* AIM OF THE TASK:
Set down exactly the lines of the listing below, please, beginning with the first and ending with the line that holds "Section Bip.".

★ ★ ★ ★ ★

(* Let $t$ be odd and let $n_1,\dots,n_j$ be nonnegative integers. Then $\mathcal{L}^{(t)}_L\big(\prod_{i=1}^{j}L^{(t)}_{n_i}(x)\big)$ equals the number of inhomogeneous coverings of $K_{n_1,n_1}\sqcup\dots\sqcup K_{n_j,n_j}$ by $t$-paths, i.e. the number of sets of pairwise vertex-disjoint $t$-paths covering all vertices of the complete bipartite graph $K_{A,B}$, where $A$ (resp. $B$) is the disjoint union of the left (resp. right) parts of $K_{n_1,n_1},\dots,K_{n_j,n_j}$, such that no path has all its vertices in a single $K_{n_i,n_i}$.
   Context: Let $t\ge1$ be odd and $k=(t+1)/2$. In a complete bipartite graph, a $t$-path is a subgraph isomorphic to a path with $t$ edges (it has $k$ vertices on each side). $L^{(t)}_n$ is the polynomial with $L^{(t)}_n(x^2)=\sum_F(-1)^{|F|}x^{\,2n-(t+1)|F|}$, the sum over all families $F$ of pairwise vertex-disjoint $t$-paths in $K_{n,n}$. Let $\mu^{(t)}_n$ be the number of coverings of all vertices of $K_{n,n}$ by pairwise vertex-disjoint $t$-paths ($\mu^{(t)}_0=1$), and let $\mathcal{L}^{(t)}_L$ be the linear functional with $\mathcal{L}^{(t)}_L(x^n)=\mu^{(t)}_n$. *)

From HB Require Import structures.
From mathcomp Require Import all_boot all_order all_algebra.
Set Implicit Arguments. Unset Strict Implicit. Unset Printing Implicit Defensive.
Import Order.TTheory GRing.Theory Num.Theory.
Local Open Scope ring_scope.

(* k = (t+1)/2 : number of vertices on each side of a t-path *)
Definition kt (t : nat) : nat := (t.+1)./2.

Section Bip.
Variables (U V : finType).
(* A subgraph of the complete bipartite graph K_{U,V} (left part U, right
   part V) without isolated vertices is given by its edge set {set U * V}. *)
Definition lefts (P : {set U * V}) : {set U} := [set e.1 | e in P].
Definition rights (P : {set U * V}) : {set V} := [set e.2 | e in P].

(* P is (the edge set of) a path with 2k-1 edges:
   a_0 - b_0 - a_1 - b_1 - ... - a_{k-1} - b_{k-1}, with distinct vertices. *)
Definition is_tpath (k : nat) (P : {set U * V}) : bool :=
  [exists a : {ffun 'I_k -> U}, exists b : {ffun 'I_k -> V},
    [&& injectiveb a, injectiveb b &
      P == [set e | [exists i : 'I_k, exists j : 'I_k,
              (e == (a i, b j)) && ((val i == val j) || (val i == (val j).+1)%N)]]]].

Definition is_family (k : nat) (F : {set {set U * V}}) : bool :=
  [forall P in F, is_tpath k P] &&
  [forall P in F, forall Q in F, (P != Q) ==>
     [disjoint lefts P & lefts Q] && [disjoint rights P & rights Q]].

Definition is_covering (k : nat) (F : {set {set U * V}}) : bool :=
  [&& is_family k F,
      (\bigcup_(P in F) lefts P) == [set: U] &
      (\bigcup_(P in F) rights P) == [set: V]].
End Bip.

(* L^{(t)}_n as a polynomial in y = x^2 :
   L_n(y) = sum_F (-1)^{|F|} y^{n - k|F|} *)
Definition Lpoly (t n : nat) : {poly int} :=
  \sum_(F : {set {set 'I_n * 'I_n}} | is_family (kt t) F)
     ((-1) ^+ #|F|) *: 'X^(n - kt t * #|F|).

Definition mu (t n : nat) : nat :=
  #|[set F : {set {set 'I_n * 'I_n}} | is_covering (kt t) F]|.
(* The scheme $S_h$ is monotone: for all $t\in\mathbb{R}$, all $x\in\mathcal{X}_n$ and all $u,v:\mathcal{X}_n\to\mathbb{R}$ with $u\le v$ on $\mathcal{X}_n$, we have $S_h(u,t,x)\ge S_h(v,t,x)$.
   Context: Let $\Omega\subset\mathbb{R}^d$ be open and bounded and $\mathcal{X}_n=\{x_1,\dots,x_n\}\subset\bar\Omega$ a finite point cloud with resolution parameter $h>0$. Each $x\in\mathcal{X}_n$ has a neighbor set $N_h(x)\subset\mathcal{X}_n$; let $V_h(x):=\{y-x:y\in N_h(x)\}$, and let $d\theta := \max_{x\in\mathcal{X}_n}\max_{|p|=1}\min_{q\in V_h(x)}\arccos\left(\frac{p\cdot q}{|p||q|}\right)$. For $u:\mathcal{X}_n\to\mathbb{R}$, $t\in\mathbb{R}$, $x\in\mathcal{X}_n$, let \[ P_h^-(u,t,x) := \{p\in\mathbb{R}^d : -p\in V_h(x), \text{ and for all } y\in N_h(x),\ p\cdot(y-x)<0\implies u(y)\le t\}. \] Let $H:\mathbb{R}^{d\times d}_{sym}\times\mathbb{R}^d\times C^\infty(\mathbb{R}^d)\times\Omega\to\mathbb{R}$ be a given Hamiltonian, and let $F_h=F_h(p,u,t,x)$ (with $p\in\mathbb{R}^d$, $u:\mathcal{X}_n\to\mathbb{R}$, $t\in\mathbb{R}$, $x\in\mathcal{X}_n$) be a real-valued function satisfying: (F1) $F_h$ is monotone: $u\le v$ implies $F_h(p,u,t,x)\ge F_h(p,v,t,x)$ for all $p,t,x$; (F2) $F_h$ is continuous in $u$ and $t$; (F3) there are constants $C$ and $m_1,m_2\ge 1$ such that for all $x$, $p$ and $u\in C^\infty(\mathbb{R}^d)$, $|F_h(p,u,u(x),x) - H(\nabla^2 u(x),p,u,x)|\le C(h^{m_1}+d\theta^{m_2})$. The scheme is \[ S_h(u,t,x) := \begin{cases} \max_{p\in P_h^-(u,t,x)} F_h(p,u,t,x) & \text{if } P_h^-(u,t,x)\neq\emptyset,\\ -\infty & \text{otherwise.}\end{cases} \] *)

From HB Require Import structures.
From mathcomp Require Import all_boot all_order all_algebra.
From mathcomp Require Import all_classical all_reals all_analysis.
Set Implicit Arguments. Unset Strict Implicit. Unset Printing Implicit Defensive.
Import Order.TTheory GRing.Theory Num.Theory.
Local Open Scope ring_scope.

Definition dotv (R : realType) (d : nat) (p q : 'rV[R]_d) : R :=
  \sum_(k < d) p 0 k * q 0 k.

(* The point cloud X_n = {pts i : i < n}; a grid function u : X_n -> R is
   represented by u : 'I_n -> R; the neighbour set N_h(x_i) by N i.
   V_h(x_i) = {pts j - pts i : j in N i}. *)

Definition Pminus (R : realType) (d n : nat) (pts : 'I_n -> 'rV[R]_d)
  (N : 'I_n -> {set 'I_n}) (u : 'I_n -> R) (t : R) (i : 'I_n) (p : 'rV[R]_d)
  : bool :=
  [exists j in N i, - p == pts j - pts i] &&
  [forall j in N i, (dotv p (pts j - pts i) < 0) ==> (u j <= t)].

(* Every p in P_h^- is of the form pts i - pts j with j in N i, so the max is
   taken over those j (repetitions do not affect a max). *)
Definition Sh (R : realType) (d n : nat) (pts : 'I_n -> 'rV[R]_d)
  (N : 'I_n -> {set 'I_n})
  (F : 'rV[R]_d -> ('I_n -> R) -> R -> 'I_n -> R)
  (u : 'I_n -> R) (t : R) (i : 'I_n) : \bar R :=
  \big[Order.max/-oo%E]_(j in N i | Pminus pts N u t i (pts i - pts j))
     (F (pts i - pts j) u t i)%:E.

From HB Require Import structures.
From mathcomp Require Import all_boot all_order all_algebra.
From mathcomp Require Import all_classical all_reals all_analysis.
Import Order.TTheory GRing.Theory Num.Theory numFieldNormedType.Exports.
Local Open Scope ring_scope.
Local Open Scope classical_set_scope.

(* Lowering [u] enlarges the set of admissible directions [P_h^-], and by
   (F1) it raises every candidate value [F_h(p,u,t,x)]; both effects can only
   increase the maximum. *)

Lemma Pminus_antitone {R : realType} {d n : nat} {pts : 'I_n -> 'rV[R]_d}
    {N : 'I_n -> {set 'I_n}} {u v : 'I_n -> R} {t : R} {i : 'I_n}
    {p : 'rV[R]_d} :
  (forall j, u j <= v j) -> Pminus pts N v t i p -> Pminus pts N u t i p.
Proof.
rewrite /Pminus => le_uv /andP[-> /forallP v_le_t] /=; apply/forallP => j.
apply/implyP => jN; apply/implyP => p_descent.
by move: (v_le_t j); rewrite jN p_descent /=; exact: le_trans (le_uv j).
Qed.

Theorem proposition2 (R : realType) (d n : nat)
  (Omega : set 'rV[R]_d) (pts : 'I_n -> 'rV[R]_d) (N : 'I_n -> {set 'I_n})
  (F : 'rV[R]_d -> ('I_n -> R) -> R -> 'I_n -> R) :
  open Omega -> bounded_set Omega ->
  injective pts -> (forall i, closure Omega (pts i)) ->
  (* (F1) monotonicity of F_h *)
  (forall p (u v : 'I_n -> R) t i, (forall j, u j <= v j) -> F p v t i <= F p u t i) ->
  (* (F2) continuity of F_h in u and t *)
  (forall p i, continuous (fun ut : 'rV[R]_n * R => F p (fun j => ut.1 0 j) ut.2 i)) ->
  forall (t : R) (i : 'I_n) (u v : 'I_n -> R),
    (forall j, u j <= v j) -> (Sh pts N F v t i <= Sh pts N F u t i)%E.
Proof.
move=> _ _ _ _ F_antitone _ t i u v le_uv; rewrite /Sh.
set Fu := fun j => (F (pts i - pts j) u t i)%:E.
apply: (@le_trans _ _ (\big[Order.max/-oo%E]_(j in N i |
    Pminus pts N v t i (pts i - pts j)) Fu j)).
  by apply: le_bigmax2 => j _; rewrite lee_fin; apply: F_antitone.
apply: subset_bigmax_cond; apply/fintype.subsetP => j; rewrite !inE.
by case/andP=> -> /(Pminus_antitone le_uv).
Qed.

★ ★ ★ ★ ★

* ANSWER SECTION:
(* Let $t$ be odd and let $n_1,\dots,n_j$ be nonnegative integers. Then $\mathcal{L}^{(t)}_L\big(\prod_{i=1}^{j}L^{(t)}_{n_i}(x)\big)$ equals the number of inhomogeneous coverings of $K_{n_1,n_1}\sqcup\dots\sqcup K_{n_j,n_j}$ by $t$-paths, i.e. the number of sets of pairwise vertex-disjoint $t$-paths covering all vertices of the complete bipartite graph $K_{A,B}$, where $A$ (resp. $B$) is the disjoint union of the left (resp. right) parts of $K_{n_1,n_1},\dots,K_{n_j,n_j}$, such that no path has all its vertices in a single $K_{n_i,n_i}$.
   Context: Let $t\ge1$ be odd and $k=(t+1)/2$. In a complete bipartite graph, a $t$-path is a subgraph isomorphic to a path with $t$ edges (it has $k$ vertices on each side). $L^{(t)}_n$ is the polynomial with $L^{(t)}_n(x^2)=\sum_F(-1)^{|F|}x^{\,2n-(t+1)|F|}$, the sum over all families $F$ of pairwise vertex-disjoint $t$-paths in $K_{n,n}$. Let $\mu^{(t)}_n$ be the number of coverings of all vertices of $K_{n,n}$ by pairwise vertex-disjoint $t$-paths ($\mu^{(t)}_0=1$), and let $\mathcal{L}^{(t)}_L$ be the linear functional with $\mathcal{L}^{(t)}_L(x^n)=\mu^{(t)}_n$. *)

From HB Require Import structures.
From mathcomp Require Import all_boot all_order all_algebra.
Set Implicit Arguments. Unset Strict Implicit. Unset Printing Implicit Defensive.
Import Order.TTheory GRing.Theory Num.Theory.
Local Open Scope ring_scope.

(* k = (t+1)/2 : number of vertices on each side of a t-path *)
Definition kt (t : nat) : nat := (t.+1)./2.

Section Bip.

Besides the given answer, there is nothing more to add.